5. The method for preparing a membrane electrode of a low-platinum proton exchange membrane fuel cell according to claim 4, wherein the method for preparing the catalytic layer in the step (1) comprises the following steps: and soaking the porous material in the catalyst ink, taking out the porous material and drying when the content of the catalyst in the porous material is not increased any more, and coating and drying the catalyst ink on the surface of the dried porous material.

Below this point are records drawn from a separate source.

(* With [M = 1 + G], Sylvester's identity turns both sides into determinants of
   [p x p] matrices, [det M * det (1 + c Z^T M^-1 Z)] and [det (1 + c Z^T Z)], and
   [Z^T Z - Z^T M^-1 Z = Z^T M^-1 G Z] is positive semidefinite. *)
Lemma det1D_add_gram n p (G : 'M[R]_n) (Z : 'M[R]_(n, p)) c : psdmx G -> 0 < c ->
  \det (1%:M + G + c *: (Z *m Z^T)) <= \det (1%:M + G) * \det (1%:M + c *: (Z *m Z^T)) /\
  (\det (1%:M + G + c *: (Z *m Z^T)) = \det (1%:M + G) * \det (1%:M + c *: (Z *m Z^T))
    <-> G *m Z = 0).
Proof.
move=> psdG c_gt0; set M := 1%:M + G.
have pdM : pdmx M := pdmx1D psdG; have uM := pdmx_unit pdM; set Mi := invmx M.
set Aq := 1%:M + c *: (Z^T *m Mi *m Z); set Sq := c *: (Z^T *m (Mi *m G) *m Z).
have pdAq : pdmx Aq.
  by apply/pdmx1D/psdmxZ/psdmx_conj/pdmx_psdmx/pdmx_inv; rewrite ?ltW.
have psdSq : psdmx Sq by apply/psdmxZ/psdmx_conj/psdmx_invmx1D_mul; rewrite ?ltW.
have detL : \det (M + c *: (Z *m Z^T)) = \det M * \det Aq.
  have -> : M + c *: (Z *m Z^T) = M *m (1%:M + (Mi *m (c *: Z)) *m Z^T).
    by rewrite mulmxDr mulmx1 !mulmxA mulmxV // mul1mx scalemxAl.
  by rewrite det_mulmx det1D_mulmxC -!scalemxAr mulmxA.
have detR : \det (1%:M + c *: (Z *m Z^T)) = \det (Aq + Sq).
  rewrite scalemxAl det1D_mulmxC -scalemxAr /Aq /Sq -addrA -scalerDr -mulmxDl -mulmxDr.
  by rewrite -{1}[Mi]mulmx1 -mulmxDr mulVmx ?mulmx1.
have [le_det eq_det] := det_psdD pdAq psdSq.
rewrite detL detR; split; first by rewrite ler_pM2l ?det_pdmx_gt0.
split=> [/(mulfI (lt0r_neq0 (det_pdmx_gt0 pdM)))/esym/eq_det Sq0 | GZ0]; last first.
  by rewrite /Sq -!mulmxA GZ0 !mulmx0 scaler0 addr0.
apply: mx_eq0_cV => x; have : qform (Mi *m G) (Z *m x) = 0.
  by move/eqP: Sq0; rewrite scaler_eq0 gt_eqF //= -qform_conj => /eqP ->; rewrite qform0.
move/(psdmx_qform_eq0 (psdmx_invmx1D_mul psdG))/(congr1 (mulmx M)).
by rewrite mulmx0 !mulmxA mulmxV ?mul1mx -?mulmxA.
Qed.

Lemma gram_sum_mulmx_eq0 n q (I : finType) (P : pred I) (p : I -> nat)
    (Z : forall i, 'M[R]_(n, p i)) (Y : 'M[R]_(n, q)) :
  (\sum_(i | P i) Z i *m (Z i)^T) *m Y = 0 <-> (forall i, P i -> (Z i)^T *m Y = 0).
Proof.
split=> [SY0 i Pi | ZY0]; last first.
  by rewrite mulmx_suml big1 // => i Pi; rewrite -mulmxA ZY0 ?mulmx0.
apply: mx_eq0_cV => x; apply/eqP; rewrite -sqnorm_eq0 -mulmxA -qform_gram.
have : qform (\sum_(i | P i) Z i *m (Z i)^T) (Y *m x) = 0.
  by rewrite -qform_conj -mulmxA SY0 mulmx0 qform0.
rewrite qform_sum => /eqP; rewrite psumr_eq0 => [/allP/(_ i (mem_index_enum _))|j _].
  by rewrite Pi.
exact: (proj2 (psdmx_gram _)).
Qed.

Lemma det1D_gram_sum_prefix n k (p : 'I_k -> nat) (Z : forall j, 'M[R]_(n, p j)) c :
  0 < c -> forall l, (l <= k)%N ->
  \det (1%:M + c *: \sum_(j < k | (j < l)%N) Z j *m (Z j)^T) <=
    \prod_(j < k | (j < l)%N) \det (1%:M + c *: (Z j *m (Z j)^T)) /\
  (\det (1%:M + c *: \sum_(j < k | (j < l)%N) Z j *m (Z j)^T) =
    \prod_(j < k | (j < l)%N) \det (1%:M + c *: (Z j *m (Z j)^T)) <->
   forall j1 j2 : 'I_k, (j1 < j2 < l)%N -> (Z j1)^T *m Z j2 = 0).
Proof.
move=> c_gt0; elim=> [_|l IH lt_lk].
  rewrite !big_pred0 // scaler0 addr0 det1; split=> //; split=> // _ j1 j2.
  by rewrite ltn0 andbF.
have [IHle IHeq] := IH (ltnW lt_lk); set jl := Ordinal lt_lk.
have lt_l (j : 'I_k) : ((j < l.+1)%N && (j != jl)) = (j < l)%N.
  by rewrite ltnS leq_eqVlt -val_eqE /=; case: ltngtP.
have jl_lt : (jl < l.+1)%N by rewrite ltnS.
rewrite (bigD1 jl jl_lt) (bigD1 jl jl_lt) /= (eq_bigl _ _ lt_l) [X in _ * X](eq_bigl _ _ lt_l).
set S := \sum_(j < k | (j < l)%N) _ in IHle IHeq *.
set P := \prod_(j < k | (j < l)%N) _ in IHle IHeq *.
set e := \det (1%:M + c *: (Z jl *m (Z jl)^T)).
have psdS : psdmx (c *: S).
  by apply: psdmxZ (ltW c_gt0) _; apply: psdmx_sum => j _; apply: psdmx_gram.
have e_gt0 : 0 < e := det_pdmx_gt0 (pdmx1D (psdmxZ (ltW c_gt0) (psdmx_gram _))).
have SZ0 : c *: S *m Z jl = 0 <-> forall j : 'I_k, (j < l)%N -> (Z j)^T *m Z jl = 0.
  rewrite -gram_sum_mulmx_eq0 -scalemxAl; split=> [/eqP|->]; last by rewrite scaler0.
  by rewrite scaler_eq0 gt_eqF // => /eqP.
have pairs_l : (forall j1 j2 : 'I_k, (j1 < j2 < l.+1)%N -> (Z j1)^T *m Z j2 = 0) <->
    (forall j1 j2 : 'I_k, (j1 < j2 < l)%N -> (Z j1)^T *m Z j2 = 0) /\
    (forall j : 'I_k, (j < l)%N -> (Z j)^T *m Z jl = 0).
  split=> [ZZ0 | [ZZ0 ZZl0] j1 j2 /andP[lt12]]; first split=> [j1 j2 /andP[lt12 lt2]|j lt_jl].
  - by apply: ZZ0; rewrite lt12 ltnW.
  - by apply: ZZ0; rewrite lt_jl /=.
  rewrite ltnS leq_eqVlt => /orP[/eqP j2l|lt2]; last by apply: ZZ0; rewrite lt12.
  have -> : j2 = jl by apply: val_inj.
  by apply: ZZl0; rewrite -j2l.
have -> : 1%:M + c *: (Z jl *m (Z jl)^T + S) = 1%:M + c *: S + c *: (Z jl *m (Z jl)^T).
  by rewrite scalerDr addrCA addrC.
rewrite pairs_l -IHeq -SZ0.
have [le_det eq_det] := det1D_add_gram (Z jl) psdS c_gt0.
split; first by apply: le_trans le_det _; rewrite mulrC ler_pM2l.
rewrite -eq_det; split=> [eqx | [-> eqx]]; last by rewrite eqx mulrC.
have eqS : \det (1%:M + c *: S) = P.
  by apply/eqP; rewrite eq_le IHle -(ler_pM2l e_gt0) -eqx mulrC.
by rewrite eqx eqS mulrC.
Qed.

(** * Concavity of the log-determinant *)

Lemma wsum1_inhabited (I : finType) (w : I -> R) : \sum_i w i = 1 -> exists i0 : I, true.
Proof.
case: (pickP (fun _ : I => true)) => [i0 _|none]; first by exists i0.
by rewrite big_pred0 // => /eqP; rewrite eq_sym oner_eq0.
Qed.

Lemma wvariance_eq0 (I : finType) (w x : I -> R) :
  (forall i, 0 < w i) -> \sum_i w i = 1 ->
  (\sum_i w i * x i) ^+ 2 = \sum_i w i * x i ^+ 2 -> forall i, x i = \sum_j w j * x j.
Proof.
move=> w_gt0 w1 eq_sqr i; set mu := \sum_j w j * x j in eq_sqr *.
have : \sum_j w j * (x j - mu) ^+ 2 = 0.
  rewrite (eq_bigr (fun j => w j * x j ^+ 2 - 2 * mu * (w j * x j) + mu ^+ 2 * w j)).
    by rewrite big_split sumrB /= -!mulr_sumr -/mu -eq_sqr w1; ring.
  by move=> j _; ring.
move/eqP; rewrite psumr_eq0 => [/allP/(_ i (mem_index_enum _))|j _]; last first.
  by rewrite mulr_ge0 ?sqr_ge0 ?ltW.
by rewrite mulf_eq0 gt_eqF //= sqrf_eq0 subr_eq0 => /eqP.
Qed.

Lemma qform_wsum_schur_le n (I : finType) (w a : I -> R) (r : I -> 'rV[R]_n) D y :
  (forall i, 0 <= w i) -> (forall i, 0 < a i) -> 0 < \sum_i w i * a i ->
  qform (\sum_i w i *: schur (a i) (r i) (D i)) y <=
  qform (schur (\sum_i w i * a i) (\sum_i w i *: r i) (\sum_i w i *: D i)) y.
Proof.
move=> w_ge0 a_gt0 ab_gt0; rewrite -qform_schur_min ?lt0r_neq0 // -symblk_wsum.
by rewrite !qform_sum; apply: ler_sum => i _; rewrite !qformZ ler_wpM2l ?qform_schur_le.
Qed.
Lemma ricE y z : ric br G y z =
  - \tr (ad (lc_nabla br G y z)) - 4%:R^-1 * \tr (jmx y *m jmx z)
  - 2%:R^-1 * \tr (ad y *m ad z) - 2%:R^-1 * \tr (ad y *m adjmx (ad z)).
Proof.
rewrite ric_mxtraceE /nablaR /nablaL.
set a := ad z; set b := jmx z; set c := adjmx a.
set p := ad y; set q := adjmx p; set r := jmx y; set w := ad _.
rewrite -!scalemxAl -!scalemxAr !(mulmxDl, mulmxDr, mulNmx, mulmxN).
rewrite !(mxtraceD, mxtraceN, mxtraceZ).
have adj_b : adjmx b = - b by apply: adjmx_jmx.
have adj_r : adjmx r = - r by apply: adjmx_jmx.
have tr_cq : \tr (c *m q) = \tr (p *m a) by rewrite -adjmxM mxtrace_adjmx.
have tr_aq : \tr (a *m q) = \tr (c *m p).
  by rewrite -mxtrace_adjmx adjmxM adjmxK mxtrace_mulC.
have tr_cr : \tr (c *m r) = - \tr (a *m r).
  by rewrite -mxtrace_adjmx adjmxM adj_r /c adjmxK mulNmx mxtraceN mxtrace_mulC.
have tr_bq : \tr (b *m q) = - \tr (b *m p).
  by rewrite -mxtrace_adjmx adjmxM /q adjmxK adj_b mulmxN mxtraceN mxtrace_mulC.
rewrite mxtrace_jmx mxtrace_adjmx tr_cq tr_aq tr_cr tr_bq.
rewrite (mxtrace_mulC p a) (mxtrace_mulC p b) (mxtrace_mulC b r) (mxtrace_mulC p c).
lra.
Qed.

Lemma br0l z : br 0 z = 0.
Proof. by rewrite -mul_ad linear0 mulmx0. Qed.

Lemma br0r z : br z 0 = 0.
Proof. by rewrite -mul_ad mul0mx. Qed.

Lemma brBr w x y : br w (x - y) = br w x - br w y.
Proof. by rewrite -!mul_ad mulmxBl. Qed.

Section Nilpotent.
Hypothesis br_nil : lie_nilpotent br.

Definition upper_central (s : nat) (x : V) : Prop :=
  forall ws : seq V, size ws = s -> iter_br br ws x = 0.

Lemma upper_central0 x : upper_central 0 x -> x = 0.
Proof. by move=> x_0; apply: (x_0 [::]). Qed.

Lemma upper_central_zero s : upper_central s 0.
Proof. by move=> ws _; elim: ws => //= w ws ->; rewrite br0r. Qed.

Lemma upper_centralS s x : upper_central s.+1 x <-> forall w, upper_central s (br w x).
Proof.
split=> [x_s1 w ws ws_s | x_s ws].
  by rewrite /iter_br -foldr_rcons; apply: x_s1; rewrite size_rcons ws_s.
case/lastP: ws => [//|ws w]; rewrite size_rcons => -[ws_s].
by rewrite /iter_br foldr_rcons; apply: x_s.
Qed.

Lemma upper_centralB s x y :
  upper_central s x -> upper_central s y -> upper_central s (x - y).
Proof.
move=> x_s y_s ws ws_s; suff -> : iter_br br ws (x - y) = iter_br br ws x - iter_br br ws y.
  by rewrite x_s // y_s // subrr.
by elim: ws {ws_s} => //= w ws ->; rewrite brBr.
Qed.

Lemma upper_central_br s w x : upper_central s x -> upper_central s (br w x).
Proof.
elim: s w x => [|s IH] w x.
  by move/upper_central0 ->; rewrite br0r; apply: upper_central_zero.
by move/upper_centralS => x_s; apply/upper_centralS => w'; apply: IH.
Qed.

Lemma upper_central_derivation P s x :
  is_derivation br P -> upper_central s x -> upper_central s (x *m P).
Proof.
move=> P_der; elim: s x => [|s IH] x.
  by move/upper_central0 ->; rewrite mul0mx; apply: upper_central_zero.
move/upper_centralS => x_s; apply/upper_centralS => w.
have -> : br w (x *m P) = br w x *m P - br (w *m P) x by rewrite P_der addrC addKr.
by apply: upper_centralB; [apply: IH |].
Qed.

Lemma mxtrace_lowering (M : 'M[R]_N) :
  (forall s x, upper_central s.+1 x -> upper_central s (x *m M)) -> \tr M = 0.
Proof.
move=> M_low; have [k k_nil] := br_nil.
apply: (@mxtrace_nilpotent _ _ _ k); apply: mx_rV_eqP => x; rewrite mulmx0.
suff powM j : (j <= k)%N -> upper_central (k - j) (x *m M ^+ j).
  by apply: upper_central0; have := powM k (leqnn k); rewrite subnn.
elim: j => [|j IH] jk.
  by rewrite expr0 (_ : 1 = 1%:M) // mulmx1 subn0 => ws; apply: k_nil.
rewrite exprSr (_ : M ^+ j * M = M ^+ j *m M) // mulmxA; apply: M_low.
by rewrite -subSn // subSS; apply/IH/ltnW.
Qed.
Lemma mx_series_dominated {F G T} : (forall k, mxle 0 (F k)) ->
  (forall k, mxle (F k) (G k)) -> mx_series_cvg G T ->
  mx_series_cvg F (mx_series_sum F).
Proof.
move=> F0 FG HG i j; rewrite mxE.
apply: (sums_dominated (v := fun k => G k i j) (t := T i j)) => [k|k|]; last exact: HG.
  by move/mxle0P: (F0 k); apply.
exact: FG.
Qed.

Lemma mx_series_term_le {F S} : (forall k, mxle 0 (F k)) -> mx_series_cvg F S ->
  forall k, mxle (F k) S.
Proof.
move=> F0 HF k i j; apply: (term_le_sums (u := fun k => F k i j)) => [l|]; last exact: HF.
by move/mxle0P: (F0 l); apply.
Qed.

Lemma mx_series_ge0 {F S} : (forall k, mxle 0 (F k)) -> mx_series_cvg F S -> mxle 0 S.
Proof. by move=> F0 HF; apply: mxle_trans (F0 0%N) (mx_series_term_le F0 HF 0%N). Qed.

End Series.

Definition mxcvg {p q} (P : nat -> 'M[R]_(p, q)) (L : 'M[R]_(p, q)) :=
  forall i j, (fun k => P k i j) @ \oo --> L i j.

Lemma mxcvg_cst {p q} (L : 'M[R]_(p, q)) : mxcvg (fun=> L) L.
Proof. by move=> i j; exact: cvg_cst. Qed.

Lemma mxcvgD {p q} {P Q : nat -> 'M[R]_(p, q)} {L M} :
  mxcvg P L -> mxcvg Q M -> mxcvg (fun k => P k + Q k) (L + M).
Proof.
move=> HP HQ i j; rewrite mxE.
by under eq_cvg do rewrite mxE; exact: cvgD.
Qed.

Lemma mxcvgN {p q} {P : nat -> 'M[R]_(p, q)} {L} : mxcvg P L -> mxcvg (fun k => - P k) (- L).
Proof.
move=> HP i j; rewrite mxE.
by under eq_cvg do rewrite mxE; exact: cvgN.
Qed.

6. The method for preparing a membrane electrode of a low platinum proton exchange membrane fuel cell according to claim 5, wherein the drying process is performed in an oven with a set temperature of 40-150 ℃.

7. The method for preparing the membrane electrode assembly of the low-platinum proton exchange membrane fuel cell according to claim 4, wherein the concentration of the perfluorinated sulfonic acid resin solution in the step (2) is 0.05wt% -0.5wt%, the perfluorinated sulfonic acid resin solution is prepared by diluting a high-concentration Nafion solution to a target concentration by using isopropanol or propanol aqueous solution with the volume fraction of 50%, and the loading of the perfluorinated sulfonic acid resin is 0.01-0.1mg/cm²。

8. The method of claim 4 wherein the catalytic layer has an anode platinum loading of 0.05-0.15mg/cm²。

9. The method for preparing a membrane electrode assembly for a proton exchange membrane fuel cell according to claim 4, wherein the thickness of the CCM prepared in the step (3) is 28 to 40 μm.